Computer shops here are telling me that I can substitute this type of RAM:

PC-6400 800MHz

...and it will work fine in my laptop. Is this true? I have one slot now that has 1 GB PC2-5300 667MHz and one empty slot where I want to put the new RAM.

Thanks for any help.


----------



## gcavan (Aug 13, 2009)

*Re: Can I use the wrong type of RAM in my laptop?*

It is true. Your comp will automatically down clock the faster DIMM.


----------



## GZ (Jan 31, 2010)

*Re: Can I use the wrong type of RAM in my laptop?*

Hello gumbyy,

You should be fine with PC2-6400. 

I would suggest you purchase a matched pair. Mixing RAM of different speeds can cause issues.


----------



## Tyree (May 10, 2009)

*Re: Can I use the wrong type of RAM in my laptop?*

Memory standard for your laptop is- Up to 2 GB of DDR2 667 MHz memory
Upgradeable to 4 GB using two SO-DIMM modules.
How many shops have told you that 667 RAM is no longer available? 
To be certain about the 6400 you could contact the laptop manufacturer.


----------



## joeten (Dec 4, 2008)

*Re: Can I use the wrong type of RAM in my laptop?*

Which country are you in there may be somewhere online in your area to purchase DDR2 667MHz


----------



## Rich-M (May 2, 2007)

*Re: Can I use the wrong type of RAM in my laptop?*

If the laptop calls for 667 then that would be the best to run in it though 800 will downsize as suggested. 667 ram should be as plentiful as 800 ram though, something is wrong with what they are telling you or their shops are simply not well stocked. RAM Memory Upgrade: Dell, Mac, Apple, HP, Compaq. USB drives, SSD at Crucial.com should be buyable all over the world and is amongst the best ram you can buy anyway.


----------



## gumbyy (Mar 11, 2009)

thanks for the replies. I'm in SE Asia and computer shops are definitely not well stocked with memory, they just have a handful of choices. I did find one shop that had 667 but it was second hand and price not much less than a new 800. About buying a matched set to avoid problems, well, but that would mean tossing out my existing 667 which is a waste of money, unless I can get a good price selling it which is doubtful.

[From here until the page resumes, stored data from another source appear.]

(* The ideal $I^{(k,r)}$ coincides with each of $J_1=\{f\in V: u_\lambda(f)=0$ for all $\lambda\in P$ with $\sharp^{(k,r)}(\lambda)\ge1\}$, $J_2=\{f\in V: u_\lambda(f)=0$ for all $\lambda\in S^{(k,r)}\}$, $J_3=\{f\in V: u_\lambda(f)=0$ for all $\lambda\in S'^{(k,r)}\}$, where $u_\lambda$ is evaluated at the specialization $(\ast)$.
   Context: Fix integers $n\ge2$, $1\le k\le n-1$, $r\ge2$, $g=\gcd(k+1,r-1)$, $\tau=e^{2\pi\sqrt{-1}/(r-1)}$, and specialize $(\ast)$: $t=u^{(r-1)/g}$, $q=\tau u^{-(k+1)/g}$; $\mathbb K$ is the resulting field of rational functions in (a root of) $u$ and $V=\mathbb K[x_1^{\pm1},\dots,x_n^{\pm1}]$. $Z^{(k,r)}$ is the set of $z\in\mathbb K^n$ for which there exist distinct $i_1,\dots,i_{k+1}\in\{1,\dots,n\}$ and $s_1,\dots,s_k\in\mathbb Z_{\ge0}$ with $z_{i_{a+1}}=z_{i_a}tq^{s_a}$ ($1\le a\le k$), $\sum_as_a\le r-2$, and $i_a<i_{a+1}$ whenever $s_a=0$; $I^{(k,r)}=\{f\in V:f(z)=0\ \forall z\in Z^{(k,r)}\}$. Let $P=\mathbb Z^n$. For $\lambda\in P$, $\rho(\lambda)$ is the unique permutation of $(\frac{n-1}2,\frac{n-3}2,\dots,-\frac{n-1}2)$ with $\rho(\lambda)_i>\rho(\lambda)_j$ iff $\lambda_i>\lambda_j$ or ($\lambda_i=\lambda_j$, $i<j$). For $f\in V$, $u_\lambda(f)=f(t^{-\rho(\lambda)_1}q^{-\lambda_1},\dots,t^{-\rho(\lambda)_n}q^{-\lambda_n})$. A wheel in $\lambda$ is a tuple $(i_1,\dots,i_{k+1})$ of distinct indices such that $(u_\lambda(x_1),\dots,u_\lambda(x_n))$ satisfies the defining conditions of $Z^{(k,r)}$ with these indices, i.e. $u_\lambda(x_{i_{a+1}})=u_\lambda(x_{i_a})tq^{s_a}$ for some $s_a\in\mathbb Z_{\ge0}$ with $\sum s_a\le r-2$ and $i_a<i_{a+1}$ if $s_a=0$. Two wheels that are cyclic rotations of each other are identified; $\sharp^{(k,r)}(\lambda)$ is the number of equivalence classes of wheels in $\lambda$. For $\lambda\in P$ let $(i_1,\dots,i_n)$ be the indices with $\rho(\lambda)_{i_a}=\frac{n+1}2-a$. For $a\ge2,b\ge1$, $(i,j)$ is a neighborhood of type $(a,b)$ in $\lambda$ if $\rho(\lambda)_i-\rho(\lambda)_j=a-1$ and either $\lambda_i-\lambda_j\le b-1$, or $\lambda_i-\lambda_j=b$ and $j<i$. $S^{(k,r)}$: the $\lambda$ having a neighborhood of type $(k+1,r-1)$; $S'^{(k,r)}$: the $\lambda$ having a neighborhood $(i,j)$ of type $(k+1,r-1)$ with $\lambda_i-\lambda_j\le r-2$. *)

From mathcomp Require Import all_boot all_order all_algebra.
From mathcomp Require Import fraction.
Set Implicit Arguments.
Unset Strict Implicit.
Unset Printing Implicit Defensive.
Import Order.TTheory GRing.Theory Num.Theory.
Local Open Scope ring_scope.

Section WheelDefs.

Variable F : numClosedFieldType.

(* K = F(w), rational functions in w, where w is a square root of u,
   i.e. u = w^2.  (The "root of u" needed to make sense of t^{-rho_i}
   for half-integral rho_i.) *)
Definition KK := {fraction {poly F}}.
Definition w_var : KK := tofrac 'X.
Definition u_var : KK := w_var ^+ 2.

Variables (n k r : nat).

Definition gg : nat := gcdn k.+1 r.-1.

(* tau = exp(2 pi i/(r-1)) : the square of the (r-1)-th root of -1 with
   minimal nonnegative argument, i.e. (exp(pi i/(r-1)))^2. *)
Definition tau : F := (r.-1).-root (-1) ^+ 2.

Definition t_sp : KK := u_var ^+ (r.-1 %/ gg).
Definition q_sp : KK := tofrac (tau%:P) * u_var ^- (k.+1 %/ gg).
Definition sqrt_t : KK := w_var ^+ (r.-1 %/ gg).
(* Let $u_0,\theta_0,\psi_0\in\mathbb R$ satisfy $a_ju_0+1>0$ for $j=1,\ldots,m$, and suppose $A:=Q(u_0)^{1/2}\sin\theta_0\in(0,1)$. Then there exist unique solutions $u(t),\theta(t),\psi(t)$, defined for all $t\in\mathbb R$, of \[\frac{du}{dt}=2Q(u)^{1/2}\cos\theta,\] \[\frac{d\theta}{dt}=-Q(u)^{1/2}\sin\theta\sum_{j=1}^m\frac{a_j}{a_ju+1},\] \[\frac{d\psi}{dt}=-Q(u)^{1/2}\sin\theta\sum_{j=1}^m\frac{a_j^2}{a_ju+1},\] with $u(0)=u_0$, $\theta(0)=\theta_0$ and $\psi(0)=\psi_0$. Moreover, $u$ and $\theta$ are nonconstant and periodic with some period $T>0$, and there exists $\Psi>0$ with $\psi(t+T)=\psi(t)-\Psi$ for all $t\in\mathbb R$.
   Context: Standing assumptions: $m\ge3$, and $a_1\le\cdots\le a_m$ are integers, not all zero, with highest common factor $1$ and $a_1+\cdots+a_m=0$. $Q(u)=\prod_{j=1}^m(a_ju+1)$. *)

From Stdlib Require Import Reals ZArith List.
From Coquelicot Require Import Coquelicot.
Import ListNotations.
Open Scope R_scope.

(* The integers a_1 <= ... <= a_m are encoded (0-based) as a 0, ..., a (m-1). *)

Definition hcf (a : nat -> Z) (m : nat) : Z :=
  fold_right Z.gcd 0%Z (map a (seq 0 m)).

Definition standing (a : nat -> Z) (m : nat) : Prop :=
  (3 <= m)%nat /\
  (forall i j, (i <= j)%nat -> (j < m)%nat -> (a i <= a j)%Z) /\
  (exists j, (j < m)%nat /\ a j <> 0%Z) /\
  hcf a m = 1%Z /\
  fold_right Z.add 0%Z (map a (seq 0 m)) = 0%Z.

Definition Q (a : nat -> Z) (m : nat) (u : R) : R :=
  fold_right Rmult 1 (map (fun j => IZR (a j) * u + 1) (seq 0 m)).

Definition S (k : nat) (a : nat -> Z) (m : nat) (u : R) : R :=
  fold_right Rplus 0 (map (fun j => IZR (a j) ^ k / (IZR (a j) * u + 1)) (seq 0 m)).

Definition solves (a : nat -> Z) (m : nat) (u th ps : R -> R) : Prop :=
  forall t : R,
    is_derive u t (2 * sqrt (Q a m (u t)) * cos (th t)) /\
    is_derive th t (- sqrt (Q a m (u t)) * sin (th t) * S 1 a m (u t)) /\
    is_derive ps t (- sqrt (Q a m (u t)) * sin (th t) * S 2 a m (u t)).

From Stdlib Require Import Reals ZArith List.
From Coquelicot Require Import Coquelicot.
From Stdlib Require Import Lra Lia Ranalysis5.
From Stdlib Require Import ClassicalEpsilon Classical.
Open Scope R_scope.

(* Writing [w = sqrt (Q u) cos th], the quantity [A = sqrt (Q u) sin th] is a first integral and
   [(u, w)] solves the Hamiltonian system [u' = 2 w], [w' = Q'(u)] on the level set
   [w ^ 2 = Q u - A ^ 2].  As the [a_j] sum to zero they take both signs, so the component of
   [{u | a_j u + 1 > 0 for all j}] containing [0] is bounded; on it [S_1 = Q'/Q] is strictly
   decreasing, so [Q] has a single critical point [c], a maximum with [Q c >= Q 0 = 1 > A ^ 2].
   Writing [Q c - Q u = V(u) ^ 2] with [V] increasing, the orbit is [V u = rho cos b],
   [w = - rho sin b], where [b' > 0] is a [2 PI]-periodic function of [b]; hence [u] and [w] are
   periodic, [th] is recovered from [w / A], and [ps' = - A S_2(u) < 0] produces the drift.
   Uniqueness: along any solution [A] stays constant, which traps [u] in a compact interval on
   which [Q'] is Lipschitz, and Gronwall's lemma applies to [(u, w)]. *)

(** * Calculus on the real line *)

Lemma is_derive_eq (f : R -> R) (x l l' : R) : is_derive f x l -> l = l' -> is_derive f x l'.
Proof. now intros H <-. Qed.

Lemma is_derive_continuity_pt (f : R -> R) (x l : R) : is_derive f x l -> continuity_pt f x.
Proof. intros H. apply continuity_pt_filterlim, (ex_derive_continuous f x), (ex_intro _ l H). Qed.

Lemma is_derive_shift (c x : R) : is_derive (fun t => t - c) x 1.
Proof. auto_derive; [auto | ring]. Qed.

Lemma MVT_interval (f df : R -> R) (x z : R) : x < z ->
  (forall s, x <= s <= z -> is_derive f s (df s)) ->
  exists c, x < c < z /\ f z - f x = df c * (z - x).
Proof.
  intros Hxz H.
  destruct (MVT_cor2 f df x z Hxz) as [c [E Hc]]; [intros; apply is_derive_Reals, H; lra|].
  now exists c.
Qed.

Lemma derive_pos_increasing (f df : R -> R) (a b : R) :
  (forall x, a <= x <= b -> is_derive f x (df x)) -> (forall x, a < x < b -> 0 < df x) ->
  forall x z, a <= x -> x < z -> z <= b -> f x < f z.
Proof.
  intros D H x z Hax Hxz Hzb.
  destruct (MVT_interval f df x z Hxz) as [c [Hc E]]; [intros s Hs; apply D; lra|].
  assert (0 < df c) by (apply H; lra). nra.
Qed.

Lemma derive_neg_decreasing (f df : R -> R) (a b : R) :
  (forall x, a <= x <= b -> is_derive f x (df x)) -> (forall x, a < x < b -> df x < 0) ->
  forall x z, a <= x -> x < z -> z <= b -> f z < f x.
Proof.
  intros D H x z Hax Hxz Hzb.
  enough (- f x < - f z) by lra.
  apply (derive_pos_increasing (fun t => - f t) (fun t => - df t) a b); auto.
  - intros y Hy. apply (is_derive_opp f), D, Hy.
  - intros y Hy. pose proof (H y Hy). lra.
Qed.

Lemma derive_nonpos_le (f df : R -> R) (x z : R) : x <= z ->
  (forall s, x <= s <= z -> is_derive f s (df s) /\ df s <= 0) -> f z <= f x.
Proof.
  intros Hxz H. destruct (Req_dec x z) as [->|Hne]; [lra|].
  destruct (MVT_interval f df x z) as [c [Hc E]]; [lra | intros s Hs; apply H; lra |].
  assert (df c <= 0) by (apply H; lra). nra.
Qed.

Lemma derive_zero_const_interval (f : R -> R) (x z : R) : x <= z ->
  (forall s, x <= s <= z -> is_derive f s 0) -> f x = f z.
Proof.
  intros Hxz H. destruct (Req_dec x z) as [->|Hne]; [lra|].
  destruct (MVT_interval f (fun _ => 0) x z) as [c [Hc E]]; [lra | intros s Hs; apply H; lra | lra].
Qed.

Lemma derive_zero_const (f : R -> R) : (forall s, is_derive f s 0) -> forall x z, f x = f z.
Proof.
  intros H x z. destruct (Rle_dec x z).
  - apply derive_zero_const_interval; auto.
  - symmetry; apply derive_zero_const_interval; auto; lra.
Qed.

Lemma derive_same_eq (f g df : R -> R) : (forall t, is_derive f t (df t)) ->
  (forall t, is_derive g t (df t)) -> f 0 = g 0 -> forall t, f t = g t.
Proof.
  intros Df Dg E0 t.
  assert (D : forall s, is_derive (fun s => f s - g s) s 0).
  { intros s. apply (is_derive_eq _ _ (df s - df s)); [apply (is_derive_minus f g); auto | ring]. }
  pose proof (derive_zero_const _ D t 0). simpl in *. lra.
Qed.
Lemma amp_ge t : 0 <= t < blowup_time -> a0 <= amp t.
Proof.
  intros Ht. rewrite <- amp_0. unfold amp.
  apply Rpower_le_compat_neg.
  - split; [apply Rmult_lt_0_compat; [apply Rmult_lt_0_compat|]; lra|].
    apply Rmult_le_compat_l; [apply Rmult_le_pos|]; lra.
  - assert (0 < / (p - 1)) by (apply Rinv_0_lt_compat; lra). lra.
Qed.

Lemma amp_unbounded M : exists mu, 0 < mu /\
  forall t, blowup_time - mu < t < blowup_time -> M <= amp t.
Proof.
  set (M' := Rmax M 1). assert (HM' : 0 < M') by (unfold M'; pose proof (Rmax_r M 1); lra).
  assert (Hk : 0 < eps * (p - 1)) by (apply Rmult_lt_0_compat; lra).
  exists (Rpower M' (1 - p) / (eps * (p - 1))).
  split; [apply Rdiv_lt_0_compat; [apply Rpower_pos | exact Hk]|]. intros t Ht.
  apply Rle_trans with M'; [apply Rmax_l|].
  replace M' with (Rpower (Rpower M' (1 - p)) (- / (p - 1)))
    by (rewrite Rpower_mult; replace ((1 - p) * - / (p - 1)) with 1 by (field; lra);
        apply Rpower_1, HM').
  unfold amp. apply Rpower_le_compat_neg.
  - split; [apply Rmult_lt_0_compat; lra|].
    replace (Rpower M' (1 - p)) with (eps * (p - 1) * (Rpower M' (1 - p) / (eps * (p - 1))))
      by (field; lra).
    apply Rmult_le_compat_l; lra.
  - assert (0 < / (p - 1)) by (apply Rinv_0_lt_compat; lra). lra.
Qed.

Is it likely that I'll have no problems if I install the PC-6400 800MHz alongside my existing 667? If there are problems, I could always buy a second 800MHz later. Unless this mismatch could damage my machine permanently?



gavinzach said:


> Hello gumbyy,
> 
> You should be fine with PC2-6400.
> 
> I would suggest you purchase a matched pair. Mixing RAM of different speeds can cause issues.


The 6400 Ram I've seen here is labeled "PC-6400" not "PC2-6400." Is there a difference?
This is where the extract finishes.